The Bearish Case for DASH Stock
Let’s say that food delivery does become an expanded part of our new normal. Let’s even go further and say that some restaurants decide that rather than fight higher labor costs that carry-out and delivery become the only viable options to remain in business.
While that would seem to favor DASH stock, it’s not too hard to make a counterargument. The food delivery sector is getting more crowded by the day. And if food delivery expands beyond its current level, there’s no moat protecting the sector from becoming even more crowded. Furthermore, if restaurant chains did go this route, they would likely employ their own delivery service and cut out the middleman.

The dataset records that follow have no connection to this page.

(* Let $c,d>0$, $g(x)=xF(c,d;c+d;x)$ for $x\in(0,1)$, let $0<a<1<b$, and set $\varphi(y)=\max\{y^a,y^b\}$ and $\varphi^{-1}(y)=\min\{y^{1/a},y^{1/b}\}$ for $y>0$. Let $\beta\in(0,1)$ be the unique solution of $$g\!\left(\frac{\varphi^{-1}(x/(1-x))}{1+\varphi^{-1}(x/(1-x))}\right)=1.$$ Put $a_0=\frac{cd}{c+d}$, $h=\frac{a_0^2}{c+d+1}$, $c_0=1-\frac{1}{2\log 2}$, $c_1=\frac{1}{\log 2}-1$. Then (1) if $(a_0-1)/h\le c_0$, then $\beta>1/2$; (2) if $(a_0-1)/h\ge c_1$, then $\beta<1/2$.
   Context: $F(a,b;c;x)$ is the Gaussian hypergeometric function $\sum_{n\ge0}\frac{(a)_n(b)_n}{(c)_n}\frac{x^n}{n!}$ ($|x|<1$), with $(a)_n=a(a+1)\cdots(a+n-1)$, $(a)_0=1$. *)

From Stdlib Require Import Reals Arith.
Open Scope R_scope.

Fixpoint poch (a : R) (n : nat) : R :=
  match n with
  | O => 1
  | S k => poch a k * (a + INR k)
  end.

Definition hyp_term (a b c x : R) (n : nat) : R :=
  poch a n * poch b n / poch c n * x ^ n / INR (fact n).

Definition phi (a b y : R) : R := Rmax (Rpower y a) (Rpower y b).
Definition phiinv (a b y : R) : R := Rmin (Rpower y (1 / a)) (Rpower y (1 / b)).

(* The function of x appearing in the defining equation of beta,
   with g(x) = x * F(c,d;c+d;x). *)
Definition beta_lhs (F : R -> R) (a b x : R) : R :=
  let t := phiinv a b (x / (1 - x)) in
  let u := t / (1 + t) in
  u * F u.

From Stdlib Require Import Reals Lra Lia Psatz.
From Coquelicot Require Import Coquelicot.
Open Scope R_scope.

(* Write P = cd and s = c + d, so that a0 = P/s, (a0 - 1)/h = (P - s) s (s+1) / P^2,
   and the Taylor coefficients of F(x) = F(c,d;c+d;x) satisfy
   coef_{k+1} = coef_k (k + P/(s+k)) / (k+1).

   1. Since g(x) = x F(x) is nondecreasing on (0,1) and t/(1+t), with
      t = phi^{-1}(x/(1-x)), lies on the same side of 1/2 as x, the equation
      g(...) = 1 forces beta > 1/2 when g(1/2) < 1, i.e. F(1/2) < 2, and
      beta < 1/2 when F(1/2) > 2.
   2. F(1/2) - 2 = sum_k 2^-k (coef_{k+1} - coef_k), and coef_{k+1} - coef_k
      has the sign of P - s - k.
   3. Under (1), the excess m = P - s is at most c0 < 0.2843 (using P <= s^2/4),
      so all increments with k >= 1 are negative and the first five already
      have a negative sum: F(1/2) < 2.
   4. Under (2), m > 0; for m <= 1 the bound coef_k <= P/s gives a lower
      bound on each increment that sums in closed form through the series
      sum 2^-k/k >= ln 2, and the case m > 1 reduces to m = 1 since F grows
      with P: F(1/2) > 2.
   The estimate ln 2 < 0.6934 and the bound ln 2 <= sum 2^-k/k come from the
   monotonicity of log_sum n x + x^(n+1)/((n+1)(1-x)) + ln(1-x) on [0,1/2]. *)

Lemma Rdiv_nonpos_pos (a b : R) : a <= 0 -> 0 < b -> a / b <= 0.
Proof. intros Ha Hb. unfold Rdiv. pose proof (Rinv_0_lt_compat b Hb). nra. Qed.

Lemma Rdiv_le_compat_r (a b c : R) : 0 < c -> a <= b -> a / c <= b / c.
Proof.
  intros Hc Hab. unfold Rdiv.
  apply Rmult_le_compat_r; [apply Rlt_le, Rinv_0_lt_compat|]; lra.
Qed.

Lemma Rle_div_of_mul (a b c : R) : 0 < c -> a * c <= b -> a <= b / c.
Proof. intros Hc H. exact (proj1 (Rle_div_r a b c Hc) H). Qed.

Lemma Rdiv_le_one (a b : R) : 0 < b -> a <= b -> a / b <= 1.
Proof. intros Hb H. exact (proj1 (Rdiv_le_1 a b Hb) H). Qed.

(* The Taylor coefficients of F(c,d;c+d;x) depend on c and d only through
   P = cd and s = c+d: writing (c+k)(d+k) = k(s+k) + P gives
   coef_{k+1} = coef_k * (k + P/(s+k)) / (k+1). *)
Fixpoint coef (P s : R) (k : nat) : R :=
  match k with
  | O => 1
  | S j => coef P s j * (INR j + P / (s + INR j)) / (INR j + 1)
  end.

Lemma coef_succ (P s : R) (k : nat) :
  coef P s (S k) = coef P s k * (INR k + P / (s + INR k)) / (INR k + 1).
Proof. reflexivity. Qed.

Lemma poch_pos (a : R) (n : nat) : 0 < a -> 0 < poch a n.
Proof.
  intro Ha; induction n as [|n IH]; simpl; [lra|].
  apply Rmult_lt_0_compat; [exact IH|]. pose proof (pos_INR n); lra.
Qed.

Lemma hyp_term_coef (c d x : R) (n : nat) : 0 < c -> 0 < d ->
  hyp_term c d (c + d) x n = coef (c * d) (c + d) n * x ^ n.
Proof.
  intros Hc Hd.
  assert (Hcoef : poch c n * poch d n / poch (c + d) n / INR (Factorial.fact n)
                  = coef (c * d) (c + d) n).
  { induction n as [|n IH]; [simpl; field|].
    rewrite coef_succ, <- IH. simpl poch. rewrite fact_simpl, mult_INR, S_INR.
    pose proof (poch_pos (c + d) n ltac:(lra)).
    pose proof (lt_0_INR _ (Factorial.lt_O_fact n)). pose proof (pos_INR n).
    field. repeat split; lra. }
  rewrite <- Hcoef. unfold hyp_term.
  pose proof (poch_pos (c + d) n ltac:(lra)).
  pose proof (lt_0_INR _ (Factorial.lt_O_fact n)).
  field. split; lra.
Qed.

Section Coefficients.

Variables P s : R.
Hypothesis Hs : 0 < s.

Lemma coef_pos (k : nat) : 0 < P -> 0 < coef P s k.
Proof.
  intro HP; induction k as [|k IH]; simpl; [lra|].
  pose proof (pos_INR k).
  assert (0 < P / (s + INR k)) by (apply Rdiv_lt_0_compat; lra).
  apply Rdiv_lt_0_compat; [apply Rmult_lt_0_compat|]; lra.
Qed.

Lemma coef_one : coef P s 1 = P / s.
Proof. simpl. field. lra. Qed.

Lemma coef_increment (k : nat) :
  coef P s (S k) - coef P s k
  = coef P s k * (P - s - INR k) / ((s + INR k) * (INR k + 1)).
Proof. simpl coef. pose proof (pos_INR k). field. lra. Qed.

Lemma coef_le_first (k : nat) : 0 < P -> P - s <= 1 -> (1 <= k)%nat ->
  coef P s k <= P / s.
Proof.
  intros HP Hm Hk. induction k as [|k IH]; [lia|].
  destruct k as [|k]; [rewrite coef_one; lra|].
  specialize (IH ltac:(lia)). rewrite coef_succ.
  pose proof (coef_pos (S k) HP).
  assert (HkR : 1 <= INR (S k)) by (apply (le_INR 1); lia).
  assert (Hq : 0 <= P / (s + INR (S k)) <= 1).
  { split; [apply Rdiv_le_0_compat; lra|].
    apply Rdiv_le_one; lra. }
  assert (Hratio : 0 <= (INR (S k) + P / (s + INR (S k))) / (INR (S k) + 1) <= 1).
  { split; [apply Rdiv_le_0_compat; lra|]. apply Rdiv_le_one; lra. }
  replace (coef P s (S k) * (INR (S k) + P / (s + INR (S k))) / (INR (S k) + 1))
    with (coef P s (S k) * ((INR (S k) + P / (s + INR (S k))) / (INR (S k) + 1)))
    by (field; lra).
  nra.
Qed.

End Coefficients.

Lemma coef_mono_P (P1 P2 s : R) (k : nat) : 0 < s -> 0 < P1 -> P1 <= P2 ->
  coef P1 s k <= coef P2 s k.
Proof.
  intros Hs HP H. induction k as [|k IH]; [simpl; lra|].
  rewrite !coef_succ. pose proof (pos_INR k). pose proof (coef_pos P1 s Hs k HP).
  apply Rdiv_le_compat_r; [lra|]. apply Rmult_le_compat; [lra| |exact IH|].
  - assert (0 <= P1 / (s + INR k)) by (apply Rdiv_le_0_compat; lra). lra.
  - apply Rplus_le_compat_l, Rdiv_le_compat_r; lra.
Qed.

(* Since F(1/2) - 2 = 2 F(1/2) - 2 - F(1/2) = sum_k (1/2)^k (coef_{k+1} - coef_k),
   the sign of F(1/2) - 2 is read off from these increments. *)
Definition half_sum (P s : R) (n : nat) : R :=
  sum_f_R0 (fun k => coef P s k * (1 / 2) ^ k) n.

Definition half_incr (P s : R) (k : nat) : R :=
  (1 / 2) ^ k * (coef P s (S k) - coef P s k).

Section HalfSeries.

Variables P s : R.
Hypothesis Hs : 0 < s.

Lemma half_sum_identity (n : nat) :
  2 * half_sum P s (S n) - 2 - half_sum P s n = sum_f_R0 (half_incr P s) n.
Proof.
  unfold half_sum. induction n as [|n IH].
  - unfold half_incr. simpl. field. lra.
  - rewrite (tech5 (half_incr P s)), <- IH. unfold half_incr.
    rewrite (tech5 _ (S n)), (tech5 _ n). simpl pow. field.
Qed.

Lemma half_incr_limit (Fh : R) : is_lim_seq (half_sum P s) Fh ->
  is_lim_seq (fun n => sum_f_R0 (half_incr P s) n) (Fh - 2).
Proof.
  intro HF.
  apply is_lim_seq_ext with (fun n => 2 * half_sum P s (S n) - 2 - half_sum P s n).
  { exact half_sum_identity. }
  replace (Fh - 2) with (2 * Fh - 2 - Fh) by ring.
  apply is_lim_seq_minus'; [apply is_lim_seq_minus'|exact HF].
  - apply (is_lim_seq_scal_l (fun n => half_sum P s (S n)) 2 Fh).
    exact (proj1 (is_lim_seq_incr_1 (half_sum P s) Fh) HF).
  - apply is_lim_seq_const.
Qed.

Lemma half_incr_eq (k : nat) :
  half_incr P s k
  = (1 / 2) ^ k * (coef P s k / (s + INR k)) * ((P - s - INR k) / (INR k + 1)).
Proof.
  unfold half_incr. rewrite coef_increment by lra. pose proof (pos_INR k).
  field. lra.
Qed.

Lemma half_incr_nonpos (k : nat) : 0 < P -> P - s <= INR k -> half_incr P s k <= 0.
Proof.
  intros HP Hk. rewrite half_incr_eq. pose proof (pos_INR k).
  pose proof (coef_pos P s Hs k HP).
  assert (0 <= (1 / 2) ^ k) by (apply pow_le; lra).
  assert (0 <= coef P s k / (s + INR k)) by (apply Rdiv_le_0_compat; lra).
  assert ((P - s - INR k) / (INR k + 1) <= 0) by (apply Rdiv_nonpos_pos; lra).
  assert (0 <= (1 / 2) ^ k * (coef P s k / (s + INR k))) by (apply Rmult_le_pos; lra).
  nra.
Qed.

Lemma half_sum_growing : 0 < P -> Un_growing (half_sum P s).
Proof.
  intros HP n. unfold half_sum. rewrite tech5.
  pose proof (coef_pos P s Hs (S n) HP).
  assert (0 < (1 / 2) ^ S n) by (apply pow_lt; lra).
  nra.
Qed.

End HalfSeries.

Lemma half_sum_mono_P (P1 P2 s : R) (n : nat) : 0 < s -> 0 < P1 -> P1 <= P2 ->
  half_sum P1 s n <= half_sum P2 s n.
Proof.
  intros. unfold half_sum. apply sum_growing. intro k.
  apply Rmult_le_compat_r; [apply pow_le; lra|]. apply coef_mono_P; lra.
Qed.

Fixpoint log_sum (n : nat) (x : R) : R :=
  match n with O => 0 | S j => log_sum j x + x ^ S j / (INR j + 1) end.

Fixpoint geom_sum (n : nat) (x : R) : R :=
  match n with O => 0 | S j => geom_sum j x + x ^ j end.

Lemma geom_sum_closed (n : nat) (x : R) : geom_sum n x * (1 - x) = 1 - x ^ n.
Proof.
  induction n as [|n IH]; simpl; [ring|]. rewrite Rmult_plus_distr_r, IH. ring.
Qed.

Lemma log_sum_derive (n : nat) (x : R) : is_derive (log_sum n) x (geom_sum n x).
Proof.
  induction n as [|n IH]; simpl; [auto_derive; easy|].
  apply (is_derive_plus (log_sum n) (fun x => x ^ S n / (INR n + 1))); [exact IH|].
  auto_derive; [easy|].
  change (match n with 0%nat => 1 | S _ => INR n + 1 end) with (INR (S n)).
  rewrite S_INR. pose proof (pos_INR n). field. lra.
Qed.

Definition log_remainder (n : nat) (x : R) : R :=
  log_sum n x + x ^ S n / ((INR n + 1) * (1 - x)) + ln (1 - x).

Lemma log_remainder_derive (n : nat) (x : R) : x < 1 ->
  is_derive (log_remainder n) x (x ^ S n / ((INR n + 1) * (1 - x) ^ 2)).
Proof.
  intro Hx. pose proof (log_sum_derive n x) as Hd. unfold log_remainder.
  auto_derive.
  - repeat split; try lra. exists (geom_sum n x); exact Hd.
  - pose proof (pos_INR n). apply Rmult_integral_contrapositive; split; lra.
  - replace (Derive (fun y => log_sum n y) x) with (geom_sum n x)
      by (symmetry; exact (is_derive_unique _ _ _ Hd)).
    assert (Hg : geom_sum n x = (1 - x ^ n) / (1 - x)).
    { pose proof (geom_sum_closed n x). field_simplify_eq; lra. }
    rewrite Hg.
    change (match n with 0%nat => 1 | S _ => INR n + 1 end) with (INR (S n)).
    rewrite S_INR. pose proof (pos_INR n). simpl pow. field. lra.
Qed.

Lemma log_sum_zero (n : nat) : log_sum n 0 = 0.
Proof.
  induction n as [|n IH]; simpl; [reflexivity|]. rewrite IH.
  pose proof (pos_INR n). field. lra.
Qed.

(* The classical bound ln 2 <= sum_{k=1}^n 2^-k/k + 2^-n/(n+1), from the
   monotonicity of log_remainder n on [0, 1/2]. *)
Lemma ln2_le_log_sum (n : nat) : ln 2 <= log_sum n (1 / 2) + (1 / 2) ^ n / (INR n + 1).
Proof.
  assert (Hcont : forall x, x < 1 -> continuity_pt (log_remainder n) x).
  { intros x Hx. apply continuity_pt_filterlim.
    apply (ex_derive_continuous (log_remainder n)).
    eexists; apply log_remainder_derive; exact Hx. }
  destruct (MVT_gen (log_remainder n) 0 (1 / 2)
              (fun x => x ^ S n / ((INR n + 1) * (1 - x) ^ 2))) as [c [Hc Hmvt]].
  - intros x Hx. rewrite Rmin_left, Rmax_right in Hx by lra.
    apply log_remainder_derive; lra.
  - intros x Hx. rewrite Rmin_left, Rmax_right in Hx by lra. apply Hcont; lra.
  - rewrite Rmin_left, Rmax_right in Hc by lra.
    assert (Hpos : 0 <= c ^ S n / ((INR n + 1) * (1 - c) ^ 2)).
    { pose proof (pos_INR n). apply Rdiv_le_0_compat; [apply pow_le; lra|].
      apply Rmult_lt_0_compat; [lra|apply pow_lt; lra]. }
    unfold log_remainder in Hmvt.
    rewrite log_sum_zero, Rminus_0_r, ln_1 in Hmvt.
    replace (1 - 1 / 2) with (/ 2) in Hmvt by field.
    rewrite ln_Rinv in Hmvt by lra.
    replace ((1 / 2) ^ S n / ((INR n + 1) * / 2)) with ((1 / 2) ^ n / (INR n + 1)) in Hmvt
      by (simpl; field; pose proof (pos_INR n); lra).
    replace (0 ^ S n) with 0 in Hmvt by (simpl; ring).
    nra.
Qed.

If you don’t believe me, look at DoorDash itself which is rumored to be looking into entering the grocery delivery space.
Plus, there is some evidence that the economic recovery may be more fragile than it appears. If that is indeed the case, then customers may not be as willing to pay a surcharge for food they can easily pick up themselves.
Don’t Hurry to Buy DASH Stock
From a technical standpoint, DASH stock may be ready to burst to the upside. However, it’s not going to get anywhere near its 52-week high. That’s the nature of IPOs. But traders aren’t buying DASH stock for its fundamentals, but for its long-term story.
That story may be bullish, but it could just as easily be bearish. It’s better to wait until you have a better sense of which way it’s going.